_PROVIDED DATA_:

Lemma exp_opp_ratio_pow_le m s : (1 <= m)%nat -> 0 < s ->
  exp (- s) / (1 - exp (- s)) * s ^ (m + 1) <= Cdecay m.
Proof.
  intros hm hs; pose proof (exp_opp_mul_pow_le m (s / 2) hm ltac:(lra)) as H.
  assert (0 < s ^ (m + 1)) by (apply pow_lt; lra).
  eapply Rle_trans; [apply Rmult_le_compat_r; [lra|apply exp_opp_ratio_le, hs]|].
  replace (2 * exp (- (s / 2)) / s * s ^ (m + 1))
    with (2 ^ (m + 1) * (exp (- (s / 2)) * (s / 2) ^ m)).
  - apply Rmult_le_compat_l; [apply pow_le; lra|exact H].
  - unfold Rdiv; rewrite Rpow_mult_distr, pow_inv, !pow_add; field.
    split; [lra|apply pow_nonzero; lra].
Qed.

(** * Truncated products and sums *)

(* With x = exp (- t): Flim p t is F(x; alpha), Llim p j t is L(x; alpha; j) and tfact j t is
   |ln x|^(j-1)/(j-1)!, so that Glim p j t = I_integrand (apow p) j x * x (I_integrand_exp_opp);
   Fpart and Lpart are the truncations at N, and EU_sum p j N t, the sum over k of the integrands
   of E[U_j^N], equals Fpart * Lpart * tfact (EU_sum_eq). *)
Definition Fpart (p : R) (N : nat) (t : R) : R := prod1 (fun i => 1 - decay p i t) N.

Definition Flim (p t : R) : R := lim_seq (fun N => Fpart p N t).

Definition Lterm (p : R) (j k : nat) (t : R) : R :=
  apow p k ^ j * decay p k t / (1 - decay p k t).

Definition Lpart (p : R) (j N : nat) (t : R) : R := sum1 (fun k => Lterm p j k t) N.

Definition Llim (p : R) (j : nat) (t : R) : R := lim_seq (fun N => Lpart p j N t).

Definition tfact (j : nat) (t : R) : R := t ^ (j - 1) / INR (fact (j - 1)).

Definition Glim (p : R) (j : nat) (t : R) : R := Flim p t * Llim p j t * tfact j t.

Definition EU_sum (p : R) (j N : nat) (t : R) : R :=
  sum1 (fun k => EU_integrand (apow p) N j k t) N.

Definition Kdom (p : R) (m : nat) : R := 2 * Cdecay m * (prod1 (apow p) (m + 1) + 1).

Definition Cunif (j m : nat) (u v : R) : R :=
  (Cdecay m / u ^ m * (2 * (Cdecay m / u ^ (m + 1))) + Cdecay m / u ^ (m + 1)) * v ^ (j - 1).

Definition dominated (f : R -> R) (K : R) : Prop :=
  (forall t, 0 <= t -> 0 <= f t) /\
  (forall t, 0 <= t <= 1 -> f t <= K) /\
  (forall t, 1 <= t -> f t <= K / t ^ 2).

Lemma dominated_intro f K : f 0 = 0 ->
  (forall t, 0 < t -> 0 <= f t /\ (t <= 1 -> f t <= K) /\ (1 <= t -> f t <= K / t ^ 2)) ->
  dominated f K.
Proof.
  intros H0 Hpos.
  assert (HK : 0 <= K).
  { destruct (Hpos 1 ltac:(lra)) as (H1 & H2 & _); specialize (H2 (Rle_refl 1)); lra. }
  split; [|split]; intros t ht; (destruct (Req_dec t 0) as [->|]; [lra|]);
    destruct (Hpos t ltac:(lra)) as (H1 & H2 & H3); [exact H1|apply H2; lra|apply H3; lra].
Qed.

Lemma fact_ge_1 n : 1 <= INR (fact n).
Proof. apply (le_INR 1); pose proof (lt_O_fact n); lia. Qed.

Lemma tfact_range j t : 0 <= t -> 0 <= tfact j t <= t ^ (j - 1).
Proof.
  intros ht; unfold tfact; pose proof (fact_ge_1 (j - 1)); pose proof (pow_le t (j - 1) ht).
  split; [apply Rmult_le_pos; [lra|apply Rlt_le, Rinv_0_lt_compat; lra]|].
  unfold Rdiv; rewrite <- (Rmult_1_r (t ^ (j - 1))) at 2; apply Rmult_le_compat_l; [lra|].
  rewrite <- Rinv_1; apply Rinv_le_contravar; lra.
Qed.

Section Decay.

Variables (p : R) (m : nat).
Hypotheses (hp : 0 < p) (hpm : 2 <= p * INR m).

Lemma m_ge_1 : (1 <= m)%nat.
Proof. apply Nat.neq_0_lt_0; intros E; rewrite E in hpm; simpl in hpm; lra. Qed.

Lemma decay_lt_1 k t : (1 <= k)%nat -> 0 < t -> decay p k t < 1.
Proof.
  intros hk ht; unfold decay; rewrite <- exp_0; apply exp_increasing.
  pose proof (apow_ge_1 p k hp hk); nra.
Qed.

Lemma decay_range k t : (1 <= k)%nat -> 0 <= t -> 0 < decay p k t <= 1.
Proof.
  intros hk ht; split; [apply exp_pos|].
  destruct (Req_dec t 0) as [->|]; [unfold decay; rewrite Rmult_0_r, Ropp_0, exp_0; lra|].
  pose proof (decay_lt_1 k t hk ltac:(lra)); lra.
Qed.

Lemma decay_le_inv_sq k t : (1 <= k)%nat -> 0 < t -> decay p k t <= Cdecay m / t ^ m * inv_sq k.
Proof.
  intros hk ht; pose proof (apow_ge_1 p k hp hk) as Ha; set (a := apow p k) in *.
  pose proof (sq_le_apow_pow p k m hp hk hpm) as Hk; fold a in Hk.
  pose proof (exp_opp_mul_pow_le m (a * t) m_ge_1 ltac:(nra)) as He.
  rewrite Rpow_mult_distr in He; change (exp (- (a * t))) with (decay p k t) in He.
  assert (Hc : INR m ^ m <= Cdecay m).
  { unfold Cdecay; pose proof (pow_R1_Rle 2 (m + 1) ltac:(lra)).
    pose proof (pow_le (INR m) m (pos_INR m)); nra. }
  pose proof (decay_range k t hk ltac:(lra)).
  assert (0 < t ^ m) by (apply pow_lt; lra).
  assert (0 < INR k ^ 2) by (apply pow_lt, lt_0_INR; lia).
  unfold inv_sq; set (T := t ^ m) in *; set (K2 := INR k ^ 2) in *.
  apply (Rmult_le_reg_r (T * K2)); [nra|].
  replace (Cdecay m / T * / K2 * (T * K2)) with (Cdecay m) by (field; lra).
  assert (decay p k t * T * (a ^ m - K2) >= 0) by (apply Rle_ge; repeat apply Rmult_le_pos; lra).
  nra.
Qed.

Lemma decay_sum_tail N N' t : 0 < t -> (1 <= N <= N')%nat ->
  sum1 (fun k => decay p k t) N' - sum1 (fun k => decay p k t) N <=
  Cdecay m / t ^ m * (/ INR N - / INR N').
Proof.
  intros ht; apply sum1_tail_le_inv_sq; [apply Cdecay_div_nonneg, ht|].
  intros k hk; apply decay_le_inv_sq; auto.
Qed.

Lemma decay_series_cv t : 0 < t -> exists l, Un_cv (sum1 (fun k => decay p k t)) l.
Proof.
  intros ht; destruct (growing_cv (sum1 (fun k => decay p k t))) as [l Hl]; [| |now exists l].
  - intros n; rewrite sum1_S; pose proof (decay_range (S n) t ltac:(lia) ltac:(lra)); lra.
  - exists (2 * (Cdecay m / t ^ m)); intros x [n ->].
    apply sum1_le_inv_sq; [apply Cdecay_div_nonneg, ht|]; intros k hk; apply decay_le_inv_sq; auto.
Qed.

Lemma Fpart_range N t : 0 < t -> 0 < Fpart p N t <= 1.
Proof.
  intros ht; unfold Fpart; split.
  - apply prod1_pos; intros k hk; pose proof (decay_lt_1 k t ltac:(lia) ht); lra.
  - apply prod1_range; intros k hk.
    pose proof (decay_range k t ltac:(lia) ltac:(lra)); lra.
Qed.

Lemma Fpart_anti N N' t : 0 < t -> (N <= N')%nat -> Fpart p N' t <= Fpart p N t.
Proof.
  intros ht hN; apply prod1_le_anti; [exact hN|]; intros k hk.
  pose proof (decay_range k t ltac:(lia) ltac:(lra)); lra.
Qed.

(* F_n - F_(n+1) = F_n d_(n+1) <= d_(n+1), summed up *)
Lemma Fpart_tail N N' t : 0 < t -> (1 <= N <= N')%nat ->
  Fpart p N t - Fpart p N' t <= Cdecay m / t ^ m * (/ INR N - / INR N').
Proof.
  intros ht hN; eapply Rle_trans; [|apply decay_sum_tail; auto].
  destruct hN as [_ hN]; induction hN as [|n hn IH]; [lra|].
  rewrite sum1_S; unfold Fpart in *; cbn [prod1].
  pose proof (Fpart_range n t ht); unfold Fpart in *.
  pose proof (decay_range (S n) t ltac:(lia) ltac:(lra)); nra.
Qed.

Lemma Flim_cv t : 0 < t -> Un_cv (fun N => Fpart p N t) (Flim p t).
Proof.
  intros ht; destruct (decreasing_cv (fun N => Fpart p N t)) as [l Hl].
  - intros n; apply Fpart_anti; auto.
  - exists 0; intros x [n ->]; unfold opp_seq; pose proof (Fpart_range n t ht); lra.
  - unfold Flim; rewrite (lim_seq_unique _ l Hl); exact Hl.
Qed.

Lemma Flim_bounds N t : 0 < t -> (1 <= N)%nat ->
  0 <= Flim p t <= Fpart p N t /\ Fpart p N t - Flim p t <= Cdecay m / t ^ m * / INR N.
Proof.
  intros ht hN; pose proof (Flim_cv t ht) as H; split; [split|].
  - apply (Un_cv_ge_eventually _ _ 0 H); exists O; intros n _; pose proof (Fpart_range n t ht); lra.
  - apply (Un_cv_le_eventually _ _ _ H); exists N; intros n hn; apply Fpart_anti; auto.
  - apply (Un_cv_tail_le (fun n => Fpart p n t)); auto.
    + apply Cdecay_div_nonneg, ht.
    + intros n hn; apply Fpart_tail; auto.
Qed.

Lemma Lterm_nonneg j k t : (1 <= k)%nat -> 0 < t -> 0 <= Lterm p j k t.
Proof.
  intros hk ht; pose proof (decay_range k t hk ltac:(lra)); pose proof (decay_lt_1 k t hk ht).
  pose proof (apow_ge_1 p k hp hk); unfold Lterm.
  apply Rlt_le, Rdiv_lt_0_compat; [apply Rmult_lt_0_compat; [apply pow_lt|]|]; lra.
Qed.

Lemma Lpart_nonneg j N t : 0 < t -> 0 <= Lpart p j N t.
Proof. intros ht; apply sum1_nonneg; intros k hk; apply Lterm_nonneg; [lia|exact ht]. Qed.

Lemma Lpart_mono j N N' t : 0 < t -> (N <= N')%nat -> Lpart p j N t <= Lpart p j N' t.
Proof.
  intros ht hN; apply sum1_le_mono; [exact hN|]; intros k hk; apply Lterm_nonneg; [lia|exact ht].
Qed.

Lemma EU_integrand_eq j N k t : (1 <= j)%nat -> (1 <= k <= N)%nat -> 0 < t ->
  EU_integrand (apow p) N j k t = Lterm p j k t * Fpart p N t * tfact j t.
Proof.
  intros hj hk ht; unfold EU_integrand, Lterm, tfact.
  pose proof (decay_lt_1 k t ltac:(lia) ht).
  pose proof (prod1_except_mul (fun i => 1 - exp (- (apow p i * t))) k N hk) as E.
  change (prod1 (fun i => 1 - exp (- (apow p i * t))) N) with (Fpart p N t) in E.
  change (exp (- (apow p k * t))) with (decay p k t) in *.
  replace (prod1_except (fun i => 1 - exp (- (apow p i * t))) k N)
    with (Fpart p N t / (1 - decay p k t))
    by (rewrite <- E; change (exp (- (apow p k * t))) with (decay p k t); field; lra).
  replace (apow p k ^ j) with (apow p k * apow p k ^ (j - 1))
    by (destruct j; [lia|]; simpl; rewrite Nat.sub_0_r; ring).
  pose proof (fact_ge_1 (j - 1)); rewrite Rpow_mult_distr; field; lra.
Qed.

--

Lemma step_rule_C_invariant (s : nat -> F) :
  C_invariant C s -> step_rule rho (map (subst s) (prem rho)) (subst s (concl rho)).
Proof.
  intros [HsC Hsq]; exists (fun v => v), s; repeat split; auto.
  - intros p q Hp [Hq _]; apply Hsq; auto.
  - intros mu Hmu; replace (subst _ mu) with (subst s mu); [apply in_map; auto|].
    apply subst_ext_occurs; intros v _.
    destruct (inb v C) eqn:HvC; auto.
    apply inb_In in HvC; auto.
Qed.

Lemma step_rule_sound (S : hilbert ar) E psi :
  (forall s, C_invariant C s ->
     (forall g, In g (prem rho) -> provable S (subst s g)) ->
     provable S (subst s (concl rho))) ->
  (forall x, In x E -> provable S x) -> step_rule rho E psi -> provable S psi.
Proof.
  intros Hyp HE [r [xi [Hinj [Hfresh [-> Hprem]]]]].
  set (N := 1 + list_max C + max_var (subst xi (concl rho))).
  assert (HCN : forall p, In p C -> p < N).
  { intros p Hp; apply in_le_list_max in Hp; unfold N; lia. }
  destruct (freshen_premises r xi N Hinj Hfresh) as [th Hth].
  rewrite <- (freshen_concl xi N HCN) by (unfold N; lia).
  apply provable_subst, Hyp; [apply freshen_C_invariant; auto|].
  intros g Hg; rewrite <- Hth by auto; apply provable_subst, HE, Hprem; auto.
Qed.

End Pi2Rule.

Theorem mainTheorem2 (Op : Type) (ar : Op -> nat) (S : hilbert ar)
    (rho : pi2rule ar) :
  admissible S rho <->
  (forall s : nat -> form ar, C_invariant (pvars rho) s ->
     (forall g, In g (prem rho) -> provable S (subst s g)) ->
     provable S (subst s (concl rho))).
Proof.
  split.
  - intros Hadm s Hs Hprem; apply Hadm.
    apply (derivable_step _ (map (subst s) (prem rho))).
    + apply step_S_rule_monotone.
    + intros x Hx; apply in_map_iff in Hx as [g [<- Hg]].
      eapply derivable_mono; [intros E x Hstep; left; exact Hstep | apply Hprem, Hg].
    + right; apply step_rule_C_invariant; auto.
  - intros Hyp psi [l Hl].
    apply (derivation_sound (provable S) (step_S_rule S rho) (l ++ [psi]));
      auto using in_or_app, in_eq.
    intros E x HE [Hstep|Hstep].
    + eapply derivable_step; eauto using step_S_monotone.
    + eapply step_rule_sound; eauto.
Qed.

...

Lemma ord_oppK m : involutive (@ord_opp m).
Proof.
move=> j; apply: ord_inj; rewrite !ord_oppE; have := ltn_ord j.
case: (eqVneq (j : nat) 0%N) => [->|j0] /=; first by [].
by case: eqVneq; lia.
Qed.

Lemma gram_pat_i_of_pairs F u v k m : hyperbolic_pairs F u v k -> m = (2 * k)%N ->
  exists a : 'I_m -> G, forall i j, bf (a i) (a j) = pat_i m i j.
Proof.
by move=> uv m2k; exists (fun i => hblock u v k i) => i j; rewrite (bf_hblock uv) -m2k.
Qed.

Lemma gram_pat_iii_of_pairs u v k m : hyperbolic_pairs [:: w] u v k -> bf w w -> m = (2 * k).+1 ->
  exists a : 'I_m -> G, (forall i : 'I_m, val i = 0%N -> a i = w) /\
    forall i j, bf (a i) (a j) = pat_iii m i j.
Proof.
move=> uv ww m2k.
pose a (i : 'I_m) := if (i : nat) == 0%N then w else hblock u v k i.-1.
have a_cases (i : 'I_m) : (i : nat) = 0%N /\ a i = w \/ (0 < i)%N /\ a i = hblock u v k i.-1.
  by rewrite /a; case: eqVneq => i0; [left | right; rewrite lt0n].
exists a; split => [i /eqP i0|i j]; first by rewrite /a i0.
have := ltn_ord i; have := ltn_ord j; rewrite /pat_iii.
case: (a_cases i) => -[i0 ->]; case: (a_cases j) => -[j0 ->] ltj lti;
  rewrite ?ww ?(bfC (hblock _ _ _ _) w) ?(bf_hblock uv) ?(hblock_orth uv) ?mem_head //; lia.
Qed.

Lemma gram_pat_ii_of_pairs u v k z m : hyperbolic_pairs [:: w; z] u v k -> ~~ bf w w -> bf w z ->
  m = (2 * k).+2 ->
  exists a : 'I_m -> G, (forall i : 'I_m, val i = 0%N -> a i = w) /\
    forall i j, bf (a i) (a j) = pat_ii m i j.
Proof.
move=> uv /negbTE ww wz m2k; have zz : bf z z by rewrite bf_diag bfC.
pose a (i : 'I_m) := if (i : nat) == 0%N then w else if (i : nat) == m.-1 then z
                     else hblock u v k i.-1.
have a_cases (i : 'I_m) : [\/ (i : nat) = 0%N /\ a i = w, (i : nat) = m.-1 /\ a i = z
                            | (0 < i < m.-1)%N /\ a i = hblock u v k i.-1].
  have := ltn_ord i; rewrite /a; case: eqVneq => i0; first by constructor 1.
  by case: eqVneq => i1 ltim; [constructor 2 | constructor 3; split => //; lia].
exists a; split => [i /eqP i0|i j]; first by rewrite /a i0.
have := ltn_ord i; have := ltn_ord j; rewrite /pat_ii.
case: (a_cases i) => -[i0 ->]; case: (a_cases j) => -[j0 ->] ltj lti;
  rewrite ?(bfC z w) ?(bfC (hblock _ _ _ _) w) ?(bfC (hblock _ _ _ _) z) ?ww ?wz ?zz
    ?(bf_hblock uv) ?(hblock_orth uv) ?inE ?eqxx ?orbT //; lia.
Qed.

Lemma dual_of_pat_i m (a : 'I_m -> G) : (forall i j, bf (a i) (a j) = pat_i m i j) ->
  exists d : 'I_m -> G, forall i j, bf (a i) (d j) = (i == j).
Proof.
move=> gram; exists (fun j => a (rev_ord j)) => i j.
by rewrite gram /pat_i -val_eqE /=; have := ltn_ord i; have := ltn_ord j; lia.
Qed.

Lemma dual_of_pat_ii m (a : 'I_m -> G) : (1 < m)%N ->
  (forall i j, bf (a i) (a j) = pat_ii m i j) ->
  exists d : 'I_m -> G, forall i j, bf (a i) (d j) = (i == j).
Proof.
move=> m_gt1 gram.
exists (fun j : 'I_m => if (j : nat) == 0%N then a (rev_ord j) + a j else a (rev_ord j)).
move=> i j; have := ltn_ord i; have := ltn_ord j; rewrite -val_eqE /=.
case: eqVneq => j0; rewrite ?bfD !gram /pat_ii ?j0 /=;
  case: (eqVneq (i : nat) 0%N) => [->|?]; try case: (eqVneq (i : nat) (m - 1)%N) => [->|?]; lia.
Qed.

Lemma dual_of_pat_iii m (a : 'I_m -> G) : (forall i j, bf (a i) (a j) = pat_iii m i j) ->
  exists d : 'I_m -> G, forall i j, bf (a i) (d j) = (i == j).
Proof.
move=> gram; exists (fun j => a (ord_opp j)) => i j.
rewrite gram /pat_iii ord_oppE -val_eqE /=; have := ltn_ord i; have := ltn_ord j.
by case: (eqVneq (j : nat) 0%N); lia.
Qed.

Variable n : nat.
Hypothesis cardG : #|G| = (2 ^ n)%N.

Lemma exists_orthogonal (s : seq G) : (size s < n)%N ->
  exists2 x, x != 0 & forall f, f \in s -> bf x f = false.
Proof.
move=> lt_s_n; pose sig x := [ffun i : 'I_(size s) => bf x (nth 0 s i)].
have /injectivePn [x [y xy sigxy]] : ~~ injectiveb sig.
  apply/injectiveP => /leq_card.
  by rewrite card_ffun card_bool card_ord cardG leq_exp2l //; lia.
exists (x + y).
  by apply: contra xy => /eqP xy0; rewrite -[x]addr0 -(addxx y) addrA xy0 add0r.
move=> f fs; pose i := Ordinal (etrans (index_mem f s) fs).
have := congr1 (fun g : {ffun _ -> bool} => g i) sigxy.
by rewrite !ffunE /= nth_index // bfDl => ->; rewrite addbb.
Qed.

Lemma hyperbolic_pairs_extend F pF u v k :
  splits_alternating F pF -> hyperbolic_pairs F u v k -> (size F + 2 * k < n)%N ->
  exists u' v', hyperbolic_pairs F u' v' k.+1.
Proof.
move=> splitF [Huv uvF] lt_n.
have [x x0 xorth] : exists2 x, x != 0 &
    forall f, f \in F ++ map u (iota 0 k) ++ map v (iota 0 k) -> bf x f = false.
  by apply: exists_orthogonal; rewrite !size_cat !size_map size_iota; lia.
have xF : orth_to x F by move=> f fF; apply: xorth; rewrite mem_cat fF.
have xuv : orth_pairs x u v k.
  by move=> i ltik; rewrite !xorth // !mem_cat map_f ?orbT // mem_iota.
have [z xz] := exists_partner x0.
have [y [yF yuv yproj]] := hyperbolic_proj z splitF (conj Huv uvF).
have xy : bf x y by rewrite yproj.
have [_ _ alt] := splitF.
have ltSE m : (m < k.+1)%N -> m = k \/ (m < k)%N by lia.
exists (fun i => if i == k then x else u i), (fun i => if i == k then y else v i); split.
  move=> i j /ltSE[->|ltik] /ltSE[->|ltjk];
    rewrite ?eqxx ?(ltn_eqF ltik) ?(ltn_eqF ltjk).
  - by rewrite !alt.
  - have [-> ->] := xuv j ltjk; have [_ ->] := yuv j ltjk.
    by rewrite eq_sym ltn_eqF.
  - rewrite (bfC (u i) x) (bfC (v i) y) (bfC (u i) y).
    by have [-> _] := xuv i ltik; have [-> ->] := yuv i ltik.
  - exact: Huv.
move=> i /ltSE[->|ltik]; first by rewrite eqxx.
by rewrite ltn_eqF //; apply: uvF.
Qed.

_WHAT THIS TASK INVOLVES_:
What do the lines above say from the one containing "Lemma exp_opp_ratio_pow_le m" down to the one containing "x * x (I_integrand_exp_opp);"? Return them exactly, both end lines included, and only them.

_ANSWER_:
Lemma exp_opp_ratio_pow_le m s : (1 <= m)%nat -> 0 < s ->
  exp (- s) / (1 - exp (- s)) * s ^ (m + 1) <= Cdecay m.
Proof.
  intros hm hs; pose proof (exp_opp_mul_pow_le m (s / 2) hm ltac:(lra)) as H.
  assert (0 < s ^ (m + 1)) by (apply pow_lt; lra).
  eapply Rle_trans; [apply Rmult_le_compat_r; [lra|apply exp_opp_ratio_le, hs]|].
  replace (2 * exp (- (s / 2)) / s * s ^ (m + 1))
    with (2 ^ (m + 1) * (exp (- (s / 2)) * (s / 2) ^ m)).
  - apply Rmult_le_compat_l; [apply pow_le; lra|exact H].
  - unfold Rdiv; rewrite Rpow_mult_distr, pow_inv, !pow_add; field.
    split; [lra|apply pow_nonzero; lra].
Qed.

(** * Truncated products and sums *)

(* With x = exp (- t): Flim p t is F(x; alpha), Llim p j t is L(x; alpha; j) and tfact j t is
   |ln x|^(j-1)/(j-1)!, so that Glim p j t = I_integrand (apow p) j x * x (I_integrand_exp_opp);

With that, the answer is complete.